Notes:
$f(x)-\int_\limits{-\infty}^{\infty}K(x-t)f(t)dt=g(x)$ where $f,g,k\in L_1{\mathbb{R}}$ therefore the equation is solvable with a unique solution iff $1-\hat{K(\xi)}\neq 0\:\:,\forall\xi\in\mathbb{R}$.
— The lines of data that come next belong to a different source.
Record StrongMonadData {C : Category} (m : MonoidalData C) := {
  Mo : C -> C;
  Mm : forall A B : C, Hom A B -> Hom (Mo A) (Mo B);
  ret : forall A : C, Hom A (Mo A);
  join : forall A : C, Hom (Mo (Mo A)) (Mo A);
  strength : forall A B : C, Hom (tens m (Mo A) B) (Mo (tens m A B))
}.
Arguments Mo {_ _} _ _.
Arguments Mm {_ _} _ {_ _} _.
Arguments ret {_ _} _ _.
Arguments join {_ _} _ _.
Arguments strength {_ _} _ _ _.

Record IsStrongMonad {C : Category} {m : MonoidalData C} (M : StrongMonadData m) : Prop := {
  Mm_id : forall A : C, Mm M (idm A) = idm (Mo M A);
  Mm_comp : forall (A B E : C) (f : Hom A B) (g : Hom B E), Mm M (g ∘ f) = Mm M g ∘ Mm M f;
  ret_nat : forall (A B : C) (f : Hom A B), Mm M f ∘ ret M A = ret M B ∘ f;
  join_nat : forall (A B : C) (f : Hom A B), Mm M f ∘ join M A = join M B ∘ Mm M (Mm M f);
  join_ret_l : forall A : C, join M A ∘ ret M (Mo M A) = idm _;
  join_ret_r : forall A : C, join M A ∘ Mm M (ret M A) = idm _;
  join_assoc : forall A : C, join M A ∘ join M (Mo M A) = join M A ∘ Mm M (join M A);
  strength_nat : forall (A B A' B' : C) (f : Hom A A') (g : Hom B B'),
      Mm M (tensm m f g) ∘ strength M A B = strength M A' B' ∘ tensm m (Mm M f) g;
  strength_unit : forall A : C,
      Mm M (runit m A) ∘ strength M A (unitI m) = runit m (Mo M A);
  strength_assoc : forall A B D : C,
      Mm M (assoc m A B D) ∘ strength M (tens m A B) D ∘ tensm m (strength M A B) (idm D)
      = strength M A (tens m B D) ∘ assoc m (Mo M A) B D;
  strength_ret : forall A B : C,
      strength M A B ∘ tensm m (ret M A) (idm B) = ret M (tens m A B);
  strength_join : forall A B : C,
      strength M A B ∘ tensm m (join M A) (idm B)
      = join M (tens m A B) ∘ Mm M (strength M A B) ∘ strength M (Mo M A) B
}.

Section Endo.
Context {C : Category} {m : MonoidalData C} (M : StrongMonadData m).

Definition GA (A X : C) : C := tens m A (Mo M X).
Definition GAm (A : C) {X Y : C} (f : Hom X Y) : Hom (GA A X) (GA A Y) :=
  tensm m (idm A) (Mm M f).
Definition GAstr (A X Y : C) : Hom (tens m (GA A X) Y) (GA A (tens m X Y)) :=
  tensm m (idm A) (strength M X Y) ∘ assoc m A (Mo M X) Y.

Definition IsFreeGAAlgebra (A X T : C) (cons : Hom (GA A T) T) (etaF : Hom X T) : Prop :=
  forall (D : C) (c : Hom (GA A D) D) (f : Hom X D),
    exists! h : Hom T D, h ∘ etaF = f /\ h ∘ cons = c ∘ GAm A h.

Definition IsStronglyGenerated (A X T : C) (cons : Hom (GA A T) T) (etaF : Hom X T) : Prop :=
  forall (Y D : C) (c : Hom (GA A D) D) (f : Hom (tens m X Y) D),
    exists! h : Hom (tens m T Y) D,
      h ∘ tensm m etaF (idm Y) = f /\
      h ∘ tensm m cons (idm Y) = c ∘ GAm A h ∘ GAstr A T Y.

Definition AlgFreeMonadStronglyGenerated (A : C) : Prop :=
  forall X : C, exists (T : C) (cons : Hom (GA A T) T) (etaF : Hom X T),
    IsFreeGAAlgebra A X T cons etaF /\ IsStronglyGenerated A X T cons etaF.

End Endo.

Section EMMon.
Context {C : Category} {m : MonoidalData C} (M : StrongMonadData m).

Record EMMonoid := {
  emcar : C;
  emact : Hom (Mo M emcar) emcar;
  emmul : Hom (tens m emcar emcar) emcar;
  emunit : Hom (unitI m) emcar;
  em_alg_unit : emact ∘ ret M emcar = idm emcar;
  em_alg_mult : emact ∘ Mm M emact = emact ∘ join M emcar;
  em_mon_assoc : emmul ∘ tensm m emmul (idm emcar)
                 = emmul ∘ tensm m (idm emcar) emmul ∘ assoc m emcar emcar emcar;
  em_mon_lunit : emmul ∘ tensm m emunit (idm emcar) = lunit m emcar;
  em_mon_runit : emmul ∘ tensm m (idm emcar) emunit = runit m emcar;
  em_compat : emmul ∘ tensm m emact (idm emcar)
              = emact ∘ Mm M emmul ∘ strength M emcar emcar
}.

Definition is_EMhom (A B : EMMonoid) (f : Hom (emcar A) (emcar B)) : Prop :=
  f ∘ emact A = emact B ∘ Mm M f /\
  f ∘ emmul A = emmul B ∘ tensm m f f /\
  f ∘ emunit A = emunit B.

Definition EMHom (A B : EMMonoid) : Type := { f : Hom (emcar A) (emcar B) | is_EMhom A B f }.

Context (Hm : IsMonoidal m) (HM : IsStrongMonad M).

Lemma is_EMhom_id (A : EMMonoid) : is_EMhom A A (idm (emcar A)).
Proof.
  unfold is_EMhom; rewrite (Mm_id _ HM), (tensm_id _ Hm), !comp_idl, !comp_idr; auto.
Qed.

Lemma is_EMhom_comp (A B D : EMMonoid) (g : Hom (emcar B) (emcar D)) (f : Hom (emcar A) (emcar B)) :
  is_EMhom B D g -> is_EMhom A B f -> is_EMhom A D (g ∘ f).
Proof.
  intros [g1 [g2 g3]] [f1 [f2 f3]]; unfold is_EMhom; repeat split.
  - rewrite <- comp_assoc, f1, comp_assoc, g1, <- comp_assoc, <- (Mm_comp _ HM); reflexivity.
  - rewrite <- comp_assoc, f2, comp_assoc, g2, <- comp_assoc, <- (tensm_comp _ Hm); reflexivity.
  - rewrite <- comp_assoc, f3, g3; reflexivity.
Qed.

Definition EMMon_cat : Category.
Proof.
  refine {| Ob := EMMonoid; Hom := EMHom;
            idm := fun A => exist _ (idm (emcar A)) (is_EMhom_id A);
            comp := fun A B D g f => exist _ (proj1_sig g ∘ proj1_sig f)
                                      (is_EMhom_comp _ _ _ _ _ (proj2_sig g) (proj2_sig f)) |}.
  - intros; apply sig_ext; apply comp_idl.
  - intros; apply sig_ext; apply comp_idr.
  - intros; apply sig_ext; apply comp_assoc.
Defined.

End EMMon.

Record LeftAdjointToU {C : Category} {m : MonoidalData C} (M : StrongMonadData m) := {
  Fob : C -> EMMonoid M;
  unitF : forall X : C, Hom X (emcar M (Fob X));
  ext : forall (X : C) (B : EMMonoid M), Hom X (emcar M B) -> EMHom M (Fob X) B;
  ext_comm : forall (X : C) (B : EMMonoid M) (f : Hom X (emcar M B)),
      proj1_sig (ext X B f) ∘ unitF X = f;
  ext_uniq : forall (X : C) (B : EMMonoid M) (f : Hom X (emcar M B)) (g : EMHom M (Fob X) B),
      proj1_sig g ∘ unitF X = f -> g = ext X B f
}.
Arguments Fob {_ _ _} _ _.
Arguments unitF {_ _ _} _ _.
Arguments ext {_ _ _} _ {_ _} _.

(* Eilenberg--Moore category of a monad (given by its data + functor   *)
(* laws, which are all that is needed to form the category).           *)

Section EMcat.
Context {C : Category} (Tob : C -> C) (Tmap : forall A B : C, Hom A B -> Hom (Tob A) (Tob B))
        (Tunit : forall A : C, Hom A (Tob A)) (Tmult : forall A : C, Hom (Tob (Tob A)) (Tob A))
        (Tmap_id : forall A : C, Tmap A A (idm A) = idm (Tob A))
        (Tmap_comp : forall (A B E : C) (f : Hom A B) (g : Hom B E),
            Tmap A E (g ∘ f) = Tmap B E g ∘ Tmap A B f).

Definition EMAlg : Type :=
  { X : C & { x : Hom (Tob X) X | x ∘ Tunit X = idm X /\ x ∘ Tmap _ _ x = x ∘ Tmult X } }.
Definition alg_car (a : EMAlg) : C := projT1 a.
Definition alg_str (a : EMAlg) : Hom (Tob (alg_car a)) (alg_car a) := proj1_sig (projT2 a).

Definition EMAlgHom (a b : EMAlg) : Type :=
  { h : Hom (alg_car a) (alg_car b) | h ∘ alg_str a = alg_str b ∘ Tmap _ _ h }.

Lemma EMAlgHom_id (a : EMAlg) : idm (alg_car a) ∘ alg_str a = alg_str a ∘ Tmap _ _ (idm (alg_car a)).
Proof. rewrite Tmap_id, comp_idl, comp_idr; reflexivity. Qed.

Lemma EMAlgHom_comp (a b c : EMAlg) (g : EMAlgHom b c) (f : EMAlgHom a b) :
  (proj1_sig g ∘ proj1_sig f) ∘ alg_str a = alg_str c ∘ Tmap _ _ (proj1_sig g ∘ proj1_sig f).
Proof.
  destruct g as [g Hg], f as [f Hf]; simpl.
  rewrite <- comp_assoc, Hf, comp_assoc, Hg, <- comp_assoc, <- Tmap_comp; reflexivity.
Qed.

Definition EM_cat : Category.
Proof.
  refine {| Ob := EMAlg; Hom := EMAlgHom;
            idm := fun a => exist _ (idm (alg_car a)) (EMAlgHom_id a);
            comp := fun a b c g f => exist _ (proj1_sig g ∘ proj1_sig f) (EMAlgHom_comp a b c g f) |}.
  - intros; apply sig_ext; apply comp_idl.
  - intros; apply sig_ext; apply comp_idr.
  - intros; apply sig_ext; apply comp_assoc.
Defined.

End EMcat.

Section Comparison.
Context {C : Category} {m : MonoidalData C} {M : StrongMonadData m}
        (Hm : IsMonoidal m) (HM : IsStrongMonad M) (F : LeftAdjointToU M).

Definition UFob (X : C) : C := emcar M (Fob F X).
Definition UFmap (X Y : C) (f : Hom X Y) : Hom (UFob X) (UFob Y) :=
  proj1_sig (ext F (unitF F Y ∘ f)).
Definition counit (B : EMMonoid M) : EMHom M (Fob F (emcar M B)) B := ext F (idm (emcar M B)).
Definition UFmult (X : C) : Hom (UFob (UFob X)) (UFob X) := proj1_sig (counit (Fob F X)).

Let EMC := EMMon_cat M Hm HM.

Lemma ext_uniq' (X : C) (B : EMMonoid M) (g1 g2 : EMHom M (Fob F X) B) :
  proj1_sig g1 ∘ unitF F X = proj1_sig g2 ∘ unitF F X -> proj1_sig g1 = proj1_sig g2.
Proof.
  intro H. pose proof (ext_uniq _ F X B _ g1 H) as E1.
  pose proof (ext_uniq _ F X B _ g2 eq_refl) as E2.
  rewrite E1, <- E2; reflexivity.
Qed.

Lemma UFmap_id (X : C) : UFmap X X (idm X) = idm (UFob X).
Proof.
  unfold UFmap.
  change (idm (UFob X)) with (proj1_sig (@idm EMC (Fob F X))).
  apply ext_uniq'. rewrite ext_comm; simpl. rewrite comp_idl, comp_idr; reflexivity.
Qed.

Lemma UFmap_comp (A B E : C) (f : Hom A B) (g : Hom B E) :
  UFmap A E (g ∘ f) = UFmap B E g ∘ UFmap A B f.
Proof.
  unfold UFmap.
  change (proj1_sig (ext F (unitF F E ∘ g)) ∘ proj1_sig (ext F (unitF F B ∘ f)))
    with (proj1_sig (@comp EMC _ _ _ (ext F (unitF F E ∘ g)) (ext F (unitF F B ∘ f)))).
  apply ext_uniq'. simpl. rewrite (ext_comm _ F A). rewrite <- (comp_assoc _ _ (unitF F A)). rewrite (ext_comm _ F A), (comp_assoc _ (unitF F B) f), (ext_comm _ F B).
  apply comp_assoc.
Qed.

Definition UF_EM_cat : Category := EM_cat UFob UFmap (unitF F) UFmult UFmap_id UFmap_comp.

Lemma counit_alg (B : EMMonoid M) :
  proj1_sig (counit B) ∘ unitF F (emcar M B) = idm (emcar M B) /\
  proj1_sig (counit B) ∘ UFmap _ _ (proj1_sig (counit B))
  = proj1_sig (counit B) ∘ UFmult (emcar M B).
Proof.
  split.
  - apply ext_comm.
  - unfold UFmap, UFmult.
    change (proj1_sig (counit B) ∘ proj1_sig (ext F (unitF F (emcar M B) ∘ proj1_sig (counit B))))
      with (proj1_sig (@comp EMC _ _ _ (counit B) (ext F (unitF F (emcar M B) ∘ proj1_sig (counit B))))).
    change (proj1_sig (counit B) ∘ proj1_sig (counit (Fob F (emcar M B))))
      with (proj1_sig (@comp EMC _ _ _ (counit B) (counit (Fob F (emcar M B))))).
    apply ext_uniq'. simpl.
    rewrite <- !comp_assoc, ext_comm. unfold counit. rewrite ext_comm, comp_assoc, ext_comm.
    rewrite comp_idl, comp_idr; reflexivity.
Qed.

Definition comparison_ob (B : EMMonoid M) : @Ob UF_EM_cat :=
  existT _ (emcar M B) (exist _ (proj1_sig (counit B)) (counit_alg B)).

Lemma comparison_hom (B B' : EMMonoid M) (f : EMHom M B B') :
  proj1_sig f ∘ proj1_sig (counit B) = proj1_sig (counit B') ∘ UFmap _ _ (proj1_sig f).
Proof.
  unfold UFmap.
  change (proj1_sig f ∘ proj1_sig (counit B))
    with (proj1_sig (@comp EMC _ _ _ f (counit B))).
  change (proj1_sig (counit B') ∘ proj1_sig (ext F (unitF F (emcar M B') ∘ proj1_sig f)))
    with (proj1_sig (@comp EMC _ _ _ (counit B') (ext F (unitF F (emcar M B') ∘ proj1_sig f)))).
  apply ext_uniq'. simpl.
  unfold counit. rewrite <- !comp_assoc.
  rewrite (ext_comm _ F (emcar M B) B), (ext_comm _ F (emcar M B) (Fob F (emcar M B'))), comp_idr.
  rewrite comp_assoc, (ext_comm _ F (emcar M B') B'), comp_idl; reflexivity.
Qed.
Applying the Fourier transform to both sides of the equation:
$\hat{f}(\xi)-\hat{K}(\xi)\hat{f}(\xi)=\hat{g}(\xi)\implies \hat{f}(\xi)=\frac{\hat{g}(\xi)}{1-\hat{k}(\xi)}$
Fourier transform:$\hat{f}(\xi)=\frac{1}{\sqrt{2\pi}}\int_\limits{-\infty}^{\infty}f(t)e^{it\xi}dt\:\:,\:\: \xi\in\mathbb{R}$
Question:
Considering $\int_\limits{-\infty}^{\infty}K(x-t)f(t)$. Why did the integral disappeared when applying the Fourier transform?
Thanks in advance!
\begin{align*} \int_{-\infty}^{\infty}K(x-t)f(t)dt=(K\ast f)(x), \end{align*} and \begin{align*} (K\ast f)^{\wedge}(\xi)=\widehat{K}(\xi)\widehat{f}(\xi) \end{align*} for $K,f\in L^{1}({\bf{R}})$.